------ Supplied material ------

(* Let $(S,K,I)$ be a split graph and let $v_1\ldots v_n$, with $n\geq 2$, be an induced path in the factor graph $\Phi(S)$. If $\sigma_{i,i+1}=1$ for some $i\in[n-1]$, then $i\in\{1,n-1\}$.
   Context: A split graph $(S,K,I)$ is a graph $S$ together with a fixed partition $V(S)=K\dot\cup I$, where $K$ is a clique and $I$ is an independent set. For a vertex $v$ of $S$, $N_v$ denotes its open neighborhood in $S$ and $d_v=|N_v|$; $\eta_{uv}=|N_u\cap N_v|$. The factor graph $\Phi(S)$ is the loopless multigraph with vertex set $I$ in which, for distinct $u,v\in I$, there is one edge joining $u$ and $v$ for each 2-switch of $S$ acting on $u$ and $v$ (a 2-switch replaces edges $ab,cd$ with $ac,bd$ when $ab,cd\in E(S)$ and $ac,bd\notin E(S)$); equivalently, the multiplicity of $uv$ is $\sigma_{uv}=(d_u-\eta_{uv})(d_v-\eta_{uv})$, and $u,v$ are adjacent iff $\sigma_{uv}>0$; $\sigma_{i,i+1}$ denotes $\sigma_{v_iv_{i+1}}$. An induced path in $\Phi(S)$ consists of distinct vertices with consecutive ones adjacent and no other pair adjacent (multiplicities ignored). *)

From mathcomp Require Import all_boot.
Set Implicit Arguments. Unset Strict Implicit. Unset Printing Implicit Defensive.

Definition simple_graph (T : finType) (e : rel T) : Prop :=
  symmetric e /\ irreflexive e.

Definition split_graph (T : finType) (e : rel T) (K I : {set T}) : Prop :=
  [/\ simple_graph e,
      K :&: I = set0,
      K :|: I = [set: T],
      (forall x y, x \in K -> y \in K -> x != y -> e x y) &
      (forall x y, x \in I -> y \in I -> ~~ e x y)].

Definition nbhd (T : finType) (e : rel T) (v : T) : {set T} := [set w | e v w].
Definition deg (T : finType) (e : rel T) (v : T) : nat := #|nbhd e v|.
Definition eta (T : finType) (e : rel T) (u v : T) : nat :=
  #|nbhd e u :&: nbhd e v|.

(* multiplicity of the edge uv in the factor graph Phi(S) *)
Definition sigma (T : finType) (e : rel T) (u v : T) : nat :=
  (deg e u - eta e u v) * (deg e v - eta e u v).

Definition phi_adj (T : finType) (e : rel T) (I : {set T}) (u v : T) : bool :=
  [&& u \in I, v \in I, u != v & 0 < sigma e u v].

Definition induced_path (T : finType) (e : rel T) (I : {set T})
    (n : nat) (v : nat -> T) : Prop :=
  [/\ (forall i, 1 <= i <= n -> v i \in I),
      (forall i j, 1 <= i <= n -> 1 <= j <= n -> v i = v j -> i = j),
      (forall i, 1 <= i < n -> phi_adj e I (v i) (v i.+1)) &
      (forall i j, 1 <= i <= n -> 1 <= j <= n -> i.+1 < j ->
          ~~ phi_adj e I (v i) (v j))].

From mathcomp Require Import all_boot.
From mathcomp Require Import zify.
Set Implicit Arguments. Unset Strict Implicit. Unset Printing Implicit Defensive.

(* sigma u v = |N_u \ N_v| * |N_v \ N_u|, so sigma u v = 0 exactly when the
   neighbourhoods are comparable, and sigma u v = 1 exactly when they differ by
   one vertex a on the side of u and one vertex b on the side of v.  Around a
   middle edge v_i v_(i+1) of an induced path, N_(v_(i-1)) is comparable with
   N_(v_(i+1)) but not with N_(v_i), which forces b in N_(v_(i-1)) and a not in
   it; symmetrically a is in N_(v_(i+2)) and b is not.  Then N_(v_(i-1)) and
   N_(v_(i+2)) are incomparable, contradicting the non-adjacency of v_(i-1) and
   v_(i+2). *)

Section NeighbourhoodSets.

Variable T : finType.

Lemma cross_comparable_sep (A B C : {set T}) (a b : T) :
  A :\: B = [set a] -> B :\: A = [set b] ->
  ~~ (C \subset A) -> ~~ (A \subset C) -> (C \subset B) || (B \subset C) ->
  a \notin C /\ b \in C.
Proof.
move=> AB BA nCA nAC.
have /setDP[_ aNB] : a \in A :\: B by rewrite AB set11.
have /setDP[bB _] : b \in B :\: A by rewrite BA set11.
case/orP=> [/subsetP CB | /subsetP BC].
- split; first by apply: contra aNB; apply: CB.
  case/subsetPn: nCA => x xC xNA.
  have : x \in B :\: A by rewrite inE xNA CB.
  by rewrite BA => /set1P <-.
- split; last exact: BC.
  case/subsetPn: nAC => x xA xNC.
  have : x \in A :\: B by rewrite inE xA andbT; apply: contra xNC; apply: BC.
  by rewrite AB => /set1P <-.
Qed.

Variable e : rel T.

Lemma sigmaE (x y : T) :
  sigma e x y = #|nbhd e x :\: nbhd e y| * #|nbhd e y :\: nbhd e x|.
Proof.
rewrite /sigma /deg /eta -(cardsID (nbhd e y) (nbhd e x)) addKn.
by rewrite -(cardsID (nbhd e x) (nbhd e y)) setIC addKn.
Qed.

Lemma sigma_gt0 (x y : T) :
  (0 < sigma e x y) = ~~ (nbhd e x \subset nbhd e y) && ~~ (nbhd e y \subset nbhd e x).
Proof. by rewrite sigmaE muln_gt0 !card_gt0 !setD_eq0. Qed.

Lemma sigma_eq0 (x y : T) :
  (sigma e x y == 0) = (nbhd e x \subset nbhd e y) || (nbhd e y \subset nbhd e x).
Proof. by rewrite eqn0Ngt sigma_gt0 negb_and !negbK. Qed.

Lemma sigma_eq1P (x y : T) : sigma e x y = 1 ->
  exists a b, nbhd e x :\: nbhd e y = [set a] /\ nbhd e y :\: nbhd e x = [set b].
Proof.
rewrite sigmaE => /eqP; rewrite muln_eq1 => /andP[/cards1P[a ->] /cards1P[b ->]].
by exists a, b.
Qed.

Lemma sigma1_no_induced_P4 (x0 x1 x2 x3 : T) :
  sigma e x1 x2 = 1 -> 0 < sigma e x0 x1 -> 0 < sigma e x2 x3 ->
  sigma e x0 x2 = 0 -> sigma e x1 x3 = 0 -> sigma e x0 x3 != 0.
Proof.
case/sigma_eq1P=> a [b [AB BA]].
rewrite !sigma_gt0 => /andP[n01 n10] /andP[n23 n32] /eqP s02 /eqP s13.
rewrite sigma_eq0 in s02; rewrite sigma_eq0 orbC in s13.
have [aN0 b0] := cross_comparable_sep AB BA n01 n10 s02.
have [bN3 a3] := cross_comparable_sep BA AB n32 n23 s13.
rewrite sigma_eq0 negb_or; apply/andP; split; apply/subsetPn.
- by exists b.
- by exists a.
Qed.

End NeighbourhoodSets.

Section InducedPath.

Variables (T : finType) (e : rel T) (I : {set T}) (n : nat) (v : nat -> T).
Hypothesis path_v : induced_path e I n v.

Lemma induced_path_sigma_gt0 (p : nat) : 1 <= p < n -> 0 < sigma e (v p) (v p.+1).
Proof. by case: path_v => _ _ adj _ /adj /and4P[]. Qed.

Lemma induced_path_sigma_eq0 (p q : nat) :
  1 <= p <= n -> 1 <= q <= n -> p.+1 < q -> sigma e (v p) (v q) = 0.
Proof.
case: path_v => inI inj _ nadj hp hq pq.
have vpq : v p != v q by apply/eqP => /(inj _ _ hp hq) epq; lia.
move: (nadj _ _ hp hq pq); rewrite /phi_adj !inI // vpq /=.
by rewrite lt0n negbK => /eqP.
Qed.

End InducedPath.

Theorem corollary4p6 (T : finType) (e : rel T) (K I : {set T})
    (n : nat) (v : nat -> T) :
  split_graph e K I ->
  2 <= n ->
  induced_path e I n v ->
  forall i, 1 <= i <= n.-1 ->
    sigma e (v i) (v i.+1) = 1 ->
    i = 1 \/ i = n.-1.
Proof.
move=> _ n2 path_v i hi s1.
case: (i =P 1) => [|ne1]; first by left.
case: (i =P n.-1) => [|ne2]; first by right.
exfalso; case: i hi s1 ne1 ne2 => [|j] hi s1 ne1 ne2; first by lia.
have gt0 := induced_path_sigma_gt0 path_v.
have eq0 := induced_path_sigma_eq0 path_v.
have := sigma1_no_induced_P4 s1 (gt0 j ltac:(lia)) (gt0 j.+2 ltac:(lia))
  (eq0 j j.+2 ltac:(lia) ltac:(lia) ltac:(lia))
  (eq0 j.+1 j.+3 ltac:(lia) ltac:(lia) ltac:(lia)).
by rewrite eq0 //; lia.
Qed.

------

Lines to set down from above: the line with "- by exists a.", the line with "Theorem corollary4p6 (T", and every line between, each exactly as written.

- by exists a.
Qed.

End NeighbourhoodSets.

Section InducedPath.

Variables (T : finType) (e : rel T) (I : {set T}) (n : nat) (v : nat -> T).
Hypothesis path_v : induced_path e I n v.

Lemma induced_path_sigma_gt0 (p : nat) : 1 <= p < n -> 0 < sigma e (v p) (v p.+1).
Proof. by case: path_v => _ _ adj _ /adj /and4P[]. Qed.

Lemma induced_path_sigma_eq0 (p q : nat) :
  1 <= p <= n -> 1 <= q <= n -> p.+1 < q -> sigma e (v p) (v q) = 0.
Proof.
case: path_v => inI inj _ nadj hp hq pq.
have vpq : v p != v q by apply/eqP => /(inj _ _ hp hq) epq; lia.
move: (nadj _ _ hp hq pq); rewrite /phi_adj !inI // vpq /=.
by rewrite lt0n negbK => /eqP.
Qed.

End InducedPath.

Theorem corollary4p6 (T : finType) (e : rel T) (K I : {set T})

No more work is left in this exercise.